By RNZ News
The New Zealand government should impose a week-long home quarantine for returnees after they have left managed isolation facilities to reduce the risk of community spread, epidemiologist Professor Michael Baker says.
Three positive cases, a Northland woman and a father and daughter in Auckland, were detected this week after they had left their managed isolation facility – the Pullman Hotel in central Auckland.
The three people caught the virus from an infectious person staying at the same facility. The initial source was sent to a quarantine facility once they tested positive.
More than 36,000 tests have been completed in the last week, 22,000 of those in the community, since the positive cases were confirmed. No new cases have been identified.
University of Otago epidemiologist Professor Michael Baker told RNZ Morning Report this latest scare had renewed his concerns about New Zealand’s border protection process.
“Personally, I think we should be thinking about this whole four-week period that [returnees] have, the week before they get on the flight overseas, their two weeks in MIQ in New Zealand, and their week after they leave these facilities.
“Obviously we need to focus more on that whole journey, but I think the week after they leave MIQ… it’s a really good idea to think about requiring a week of home quarantine. If we look at what is done internationally, say Taiwan for example, has used that approach quite a lot and they really do enforce that period, people are required to stay at home, it’s followed up and there are huge fines if you don’t adhere to that requirement.”
Returnees stay in one place
While he admits there are practicality problems associated with that, Professor Baker said the main point was that returnees stayed in one place, reducing the risk of another scenario like the one this week.

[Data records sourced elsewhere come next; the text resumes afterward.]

(* Let $\mathsf{T}$ be a rooted plane tree, let $k\geq 0$ be an integer, and suppose $\delta'=\mathsf{Pop}^k(\delta)$ for some $\delta\in\mathcal{O}(\mathsf{T})$. Then for each $v\in\mathsf{T}$, each section of $\delta'(v)$ has at least $k-1$ (distinct) beads in $\delta'$.
   Context: A rooted plane tree $\mathsf{T}$ is a finite tree with a distinguished root, regarded as a poset $\leq_\mathsf{T}$ in which $v'\leq_\mathsf{T} v$ iff $v$ lies on the path from $v'$ to the root; children of $v$ are nodes covered by $v$. For a set $S$ of nodes and a node $u$, $\Delta_S(u)=\{x\in S:x\leq_\mathsf{T} u\}$. An ornament is a nonempty set of nodes inducing a connected subgraph; an ornamentation is a map $\sigma$ from nodes to ornaments such that the unique maximal element of $\sigma(v)$ is $v$ and any two sets $\sigma(v),\sigma(v')$ are nested or disjoint. $\mathcal{O}(\mathsf{T})$ is the set of ornamentations ordered by pointwise inclusion (a lattice with meet given by pointwise intersection); $\mathsf{Pop}(\sigma)=\bigwedge(\{\sigma\}\cup\{\sigma':\sigma'\lessdot\sigma\})$ and $\mathsf{Pop}^k$ is its $k$-th iterate. A section of $\sigma(v)$ is a set $\Delta_{\sigma(v)}(v')$ for a child $v'$ of $v$ with $v'\in\sigma(v)$ (the $v'$-section). An ornament $\sigma(x)$ is a bead of the $v'$-section of $\sigma(v)$ in $\sigma$ if $x\leq_\mathsf{T} v'$, $x\notin\sigma(v)$, and for every node $y$ on the path from $v'$ to $x$ (endpoints included), either $y\in\sigma(v)$ or $\sigma(y)=\{y\}$. *)

From mathcomp Require Import all_boot.
Set Implicit Arguments. Unset Strict Implicit. Unset Printing Implicit Defensive.

(* A rooted tree on a finite node type T is given by a parent function
   [p : T -> T] with [p r = r] for the root r and such that every node
   reaches r by iterating p (see the hypotheses of the theorem).  *)

Section Orn.
Variables (T : finType) (p : T -> T).

Definition tle (x y : T) : bool := fconnect p x y.
Definition tlt (x y : T) : bool := (x != y) && tle x y.

Definition is_child (c v : T) : bool := (p c == v) && (c != v).

Definition tedge (S : {set T}) : rel T :=
  fun x y => [&& x \in S, y \in S & is_child x y || is_child y x].

Definition ornament (S : {set T}) : bool :=
  (S != set0) && [forall x in S, forall y in S, connect (tedge S) x y].

Definition is_max_in (S : {set T}) (x : T) : bool :=
  (x \in S) && [forall y in S, ~~ tlt x y].

Definition is_ornamentation (s : {ffun T -> {set T}}) : bool :=
  [forall v, ornament (s v) && [forall x, is_max_in (s v) x == (x == v)]] &&
  [forall v, forall w,
     [|| s v \subset s w, s w \subset s v | [disjoint s v & s w]]].

Definition orn_le (s t : {ffun T -> {set T}}) : bool :=
  [forall v, s v \subset t v].
Definition orn_lt (s t : {ffun T -> {set T}}) : bool :=
  (s != t) && orn_le s t.

Definition orn_covered (s' s : {ffun T -> {set T}}) : bool :=
  [&& is_ornamentation s', is_ornamentation s, orn_lt s' s &
      [forall t, ~~ [&& is_ornamentation t, orn_lt s' t & orn_lt t s]]].

(* Pop(s) = meet of s and all elements covered by s; the meet in O(T)
   is pointwise intersection. *)
Definition Pop (s : {ffun T -> {set T}}) : {ffun T -> {set T}} :=
  [ffun v => s v :&: \bigcap_(s' | orn_covered s' s) s' v].

(* the c-section of s(v), for a child c of v with c \in s v *)
Definition section (s : {ffun T -> {set T}}) (v c : T) : {set T} :=
  [set x in s v | tle x c].

(* s(x) is a bead of the c-section of s(v) *)
Definition is_bead (s : {ffun T -> {set T}}) (v c x : T) : bool :=
  [&& tle x c, x \notin s v &
      [forall y, (tle x y && tle y c) ==> ((y \in s v) || (s y == [set y]))]].

Definition beads (s : {ffun T -> {set T}}) (v c : T) : {set {set T}} :=
  (fun x => s x) @: [set x | is_bead s v c x].

End Orn.

(* In a rooted tree, an ornament with maximum w is a set that contains w, lies below w
   and is closed under the parent map away from w.  Call u removable in s w when s u is a
   maximal proper sub-ornament of s w containing every node of s w below u.  Deleting
   s u from s w yields an element covered by s, and every cover arises this way, so
   Pop s v is s v with all its removable blocks deleted.  After one application of Pop
   every removable block is a singleton: otherwise it would contain a removable block of
   the previous ornamentation, which Pop deleted from it but not from the ornament above.
   Hence each further application of Pop turns the deepest removable block of the
   c-section into a new singleton bead, while the existing beads remain beads. *)

From mathcomp Require Import all_boot.
Set Implicit Arguments. Unset Strict Implicit. Unset Printing Implicit Defensive.

Definition nested (T : finType) (A B : {set T}) : bool :=
  [|| A \subset B, B \subset A | [disjoint A & B]].

Lemma nestedC (T : finType) (A B : {set T}) : nested A B = nested B A.
Proof. by rewrite /nested orbCA disjoint_sym. Qed.

Lemma disjoint_setDl (T : finType) (A B : {set T}) : [disjoint A :\: B & B].
Proof. by rewrite disjoint_subset; apply/subsetP => x /setDP[]. Qed.

Lemma nested_setD (T : finType) (A B C : {set T}) :
  nested A C -> nested B C -> (B \subset C -> C \subset A -> (C == B) || (C == A)) ->
  nested (A :\: B) C.
Proof.
case/or3P=> [sAC|sCA|dAC] nBC maxB.
- by rewrite /nested (subset_trans (subsetDl A B) sAC).
- case/or3P: nBC => [sBC|sCB|dBC].
  + case/orP: (maxB sBC sCA) => /eqP eqC; rewrite /nested eqC.
      by rewrite disjoint_setDl !orbT.
    by rewrite subsetDl.
  + by rewrite /nested (disjointWr sCB (disjoint_setDl A B)) !orbT.
  + by rewrite /nested subsetD sCA disjoint_sym dBC orbT.
- by rewrite /nested (disjointWl (subsetDl A B) dAC) !orbT.
Qed.

Lemma orn_le_anti (T : finType) (s t : {ffun T -> {set T}}) :
  orn_le s t -> orn_le t s -> s = t.
Proof.
move=> /forallP le_st /forallP le_ts; apply/ffunP => v.
by apply/eqP; rewrite eqEsubset le_st le_ts.
Qed.

Section Ornamentations.

Variables (T : finType) (p : T -> T) (r : T).
Hypotheses (p_root : p r = r) (reach_root : forall v, fconnect p v r).

Lemma tleP x y : reflect (exists n, iter n p x = y) (tle p x y).
Proof.
apply: (iffP idP) => [xy | [n <-]]; last exact: fconnect_iter.
by exists (findex p x y); apply: iter_findex.
Qed.

Lemma tle_refl x : tle p x x.
Proof. exact: connect0. Qed.

Lemma tle_trans y x z : tle p x y -> tle p y z -> tle p x z.
Proof. exact: connect_trans. Qed.

Lemma tle_parent x : tle p x (p x).
Proof. exact: fconnect1. Qed.

Lemma tle_anti x y : tle p x y -> tle p y x -> x = y.
Proof.
case/tleP=> n xy /tleP[m yx].
have cycle_x j : iter (j * (m + n)) p x = x.
  by elim: j => //= j IHj; rewrite mulSn iterD IHj iterD xy.
case: (posnP (m + n)) => [/eqP | mn_gt0].
  by rewrite addn_eq0 => /andP[_ /eqP n0]; rewrite -xy n0.
case/tleP: (reach_root x) => a xr.
have x_root : x = r.
  by rewrite -(cycle_x a) -(subnK (leq_pmulr a mn_gt0)) iterD xr iter_fix.
by rewrite -xy x_root iter_fix.
Qed.

Lemma tle_total x y z : tle p x y -> tle p x z -> tle p y z || tle p z y.
Proof.
move=> /tleP[n <-] /tleP[m <-]; case: (leqP n m) => [le_nm | /ltnW le_mn].
  by apply/orP; left; apply/tleP; exists (m - n); rewrite -iterD subnK.
by apply/orP; right; apply/tleP; exists (n - m); rewrite -iterD subnK.
Qed.

Lemma parent_tle x y : tle p x y -> x != y -> tle p (p x) y.
Proof.
case/tleP=> [[|n] <-]; rewrite ?eqxx //= => _.
by apply/tleP; exists n; rewrite -iterSr.
Qed.

Lemma parent_neq x y : tle p x y -> x != y -> p x != x.
Proof.
move=> xy; apply: contraNN => /eqP px; apply/eqP.
by case/tleP: xy => n <-; rewrite iter_fix.
Qed.

Definition ancestors x := [set y | tle p x y].

Lemma card_ancestors_lt x y : tle p x y -> x != y -> #|ancestors y| < #|ancestors x|.
Proof.
move=> xy neq_xy; apply: proper_card; apply/properP; split.
  by apply/subsetP => z; rewrite !inE; apply: tle_trans.
exists x; rewrite !inE ?tle_refl //.
by apply: contra neq_xy => yx; rewrite (tle_anti xy yx).
Qed.

Definition rooted (S : {set T}) (w : T) : Prop :=
  [/\ w \in S, {in S, forall x, tle p x w} & {in S, forall x, x != w -> p x \in S}].

Lemma tedge_sym S : symmetric (tedge p S).
Proof. by move=> x y; rewrite /tedge andbCA orbC. Qed.

(* The first edge of the path leaving the down-set of x must be {x, p x}. *)
Lemma path_leave_down S x a s :
  path (tedge p S) a s -> tle p a x -> ~~ tle p (last a s) x -> p x \in S.
Proof.
elim: s a => [|y s IHs] a /=; first by move=> _ ->.
case/andP=> /and3P[_ yS edge_ay] path_ys ax.
case yx: (tle p y x); first exact: IHs.
move=> _; case/orP: edge_ay => /andP[/eqP ay _].
  case: (eqVneq a x) => [<- | neq_ax]; first by rewrite ay.
  by move: yx; rewrite -ay parent_tle.
by move: yx; rewrite (tle_trans (tle_parent y)) // ay.
Qed.

Lemma rooted_ornament S w :
  ornament p S -> (forall x, is_max_in p S x = (x == w)) -> rooted S w.
Proof.
case/andP=> _ /forall_inP S_conn S_max.
have wS : w \in S by have := S_max w; rewrite eqxx => /andP[].
have below_w : {in S, forall x, tle p x w}.
  move=> x xS; pose above_x z := (z \in S) && tle p x z.
  have [|z /andP[zS xz] z_top] := arg_minnP (fun z => #|ancestors z|) (_ : above_x x).
    by rewrite /above_x xS tle_refl.
  suff /eqP <- : z == w by [].
  rewrite -S_max /is_max_in zS; apply/forall_inP => y yS; apply/negP => /andP[neq_zy zy].
  have := z_top y; rewrite /above_x yS (tle_trans xz zy) => /(_ isT).
  by rewrite leqNgt card_ancestors_lt.
split=> // x xS neq_xw.
have /connectP[s path_s last_s] := forall_inP (S_conn x xS) w wS.
apply: (path_leave_down path_s (tle_refl x)); rewrite -last_s.
by apply: contra neq_xw => wx; rewrite (tle_anti (below_w x xS) wx).
Qed.

Lemma ornament_rooted S w :
  rooted S w -> ornament p S /\ (forall x, is_max_in p S x = (x == w)).
Proof.
case=> wS below_w up_closed.
have to_w x : x \in S -> connect (tedge p S) x w.
  move=> xS; case/tleP: (below_w x xS) => n; elim: n x xS => [|n IHn] x xS.
    by move=> <-; apply: connect0.
  case: (eqVneq x w) => [-> _ | neq_xw]; first exact: connect0.
  rewrite iterSr => /(IHn _ (up_closed x xS neq_xw)); apply: connect_trans.
  apply: connect1; rewrite /tedge xS up_closed //= /is_child eqxx /=.
  by rewrite eq_sym (parent_neq (below_w x xS) neq_xw).
split.
  apply/andP; split; first by apply/set0Pn; exists w.
  apply/forall_inP => x xS; apply/forall_inP => y yS.
  by rewrite (connect_trans (to_w x xS)) // (sym_connect_sym (tedge_sym S)) to_w.
move=> x; rewrite /is_max_in; case: (eqVneq x w) => [-> | neq_xw].
  rewrite wS; apply/forall_inP => y yS; apply/negP => /andP[neq_wy wy].
  by move: neq_wy; rewrite (tle_anti wy (below_w y yS)) eqxx.
apply/negbTE; case xS: (x \in S) => //=.
by apply/negP => /forall_inP/(_ w wS); rewrite /tlt neq_xw below_w.
Qed.

Lemma rooted_up S w x z : rooted S w -> x \in S -> tle p x z -> tle p z w -> z \in S.
Proof.
case=> wS below_w up_closed xS /tleP[n <-]; elim: n x xS => // n IHn x xS.
case: (eqVneq x w) => [-> | neq_xw] nw.
  by rewrite (tle_anti nw (fconnect_iter p n.+1 w)).
by rewrite iterSr; apply: IHn (up_closed x xS neq_xw) _; rewrite -iterSr.
Qed.

Lemma ornamentationP (s : {ffun T -> {set T}}) :
  reflect ((forall v, rooted (s v) v) /\ (forall v w, nested (s v) (s w)))
          (is_ornamentation p s).
Proof.
apply: (iffP andP) => [[/forallP orn_s /forallP nest_s] | [root_s nest_s]]; split.
- move=> v; case/andP: (orn_s v) => orn_v /forallP max_v.
  by apply: rooted_ornament => // x; apply/eqP.
- by move=> v w; apply: (forallP (nest_s v)).
- apply/forallP => v; case: (ornament_rooted (root_s v)) => -> max_v /=.
  by apply/forallP => x; rewrite max_v.
- by apply/forallP => v; apply/forallP => w; apply: nest_s.
Qed.

Section Ornamentation.

Variable s : {ffun T -> {set T}}.
Hypothesis s_orn : is_ornamentation p s.

Lemma orn_rooted v : rooted (s v) v.
Proof. by case/ornamentationP: s_orn. Qed.

Lemma orn_nested v w : nested (s v) (s w).
Proof. by case/ornamentationP: s_orn. Qed.

Lemma orn_self v : v \in s v.
Proof. by case: (orn_rooted v). Qed.

Lemma orn_below v x : x \in s v -> tle p x v.
Proof. by case: (orn_rooted v) => _ below_v _; apply: below_v. Qed.

Lemma orn_up w x z : x \in s w -> tle p x z -> tle p z w -> z \in s w.
Proof. exact: rooted_up (orn_rooted w). Qed.

Lemma orn_sub v w x : x \in s v -> x \in s w -> tle p v w -> s v \subset s w.
Proof.
move=> xv xw vw; case/or3P: (orn_nested v w) => // [swv | dvw].
  by rewrite (tle_anti vw (orn_below (subsetP swv w (orn_self w)))).
by rewrite (disjointFr dvw xv) in xw.
Qed.

Lemma orn_inj : injective s.
Proof.
move=> x y sxy; apply: tle_anti; apply: orn_below.
  by rewrite -sxy orn_self.
by rewrite sxy orn_self.
Qed.

End Ornamentation.

Section Blocks.

Variable s : {ffun T -> {set T}}.
Hypothesis s_orn : is_ornamentation p s.

Definition maxsub w u : bool :=
  [&& u != w, s u \subset s w &
      [forall z, (s u \subset s z) && (s z \subset s w) ==> (z == u) || (z == w)]].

“One of the really concerning numbers is the fact that we’ve increased by about threefold the number of positive being detected in our MIQ facilities over the last few months, this has just crept up steadily and it reflects the fact that the pandemic is getting much more intense overseas, and we’re seeing more transmissible variants.
“So I would say the [government’s] focus really needs to shift offshore and thinking about the ways we can reduce the number of infected people arriving here.”
Despite the scare, Professor Baker said he was confident widespread transmission had been avoided.
“This is not like the Auckland August outbreak, where we had unknown chains of transmission in the community, these are very clearly defined breaches of our MIQ system and we know who they are, their contacts have been followed up, so it’s a different situation.
“So I’m reasonably optimistic, but I guess we just have to see more results.”
Professor Baker said one reason why there had not been widespread transmission could be because only about one in five cases transmit it to other people.
This article is republished under a community partnership agreement with RNZ.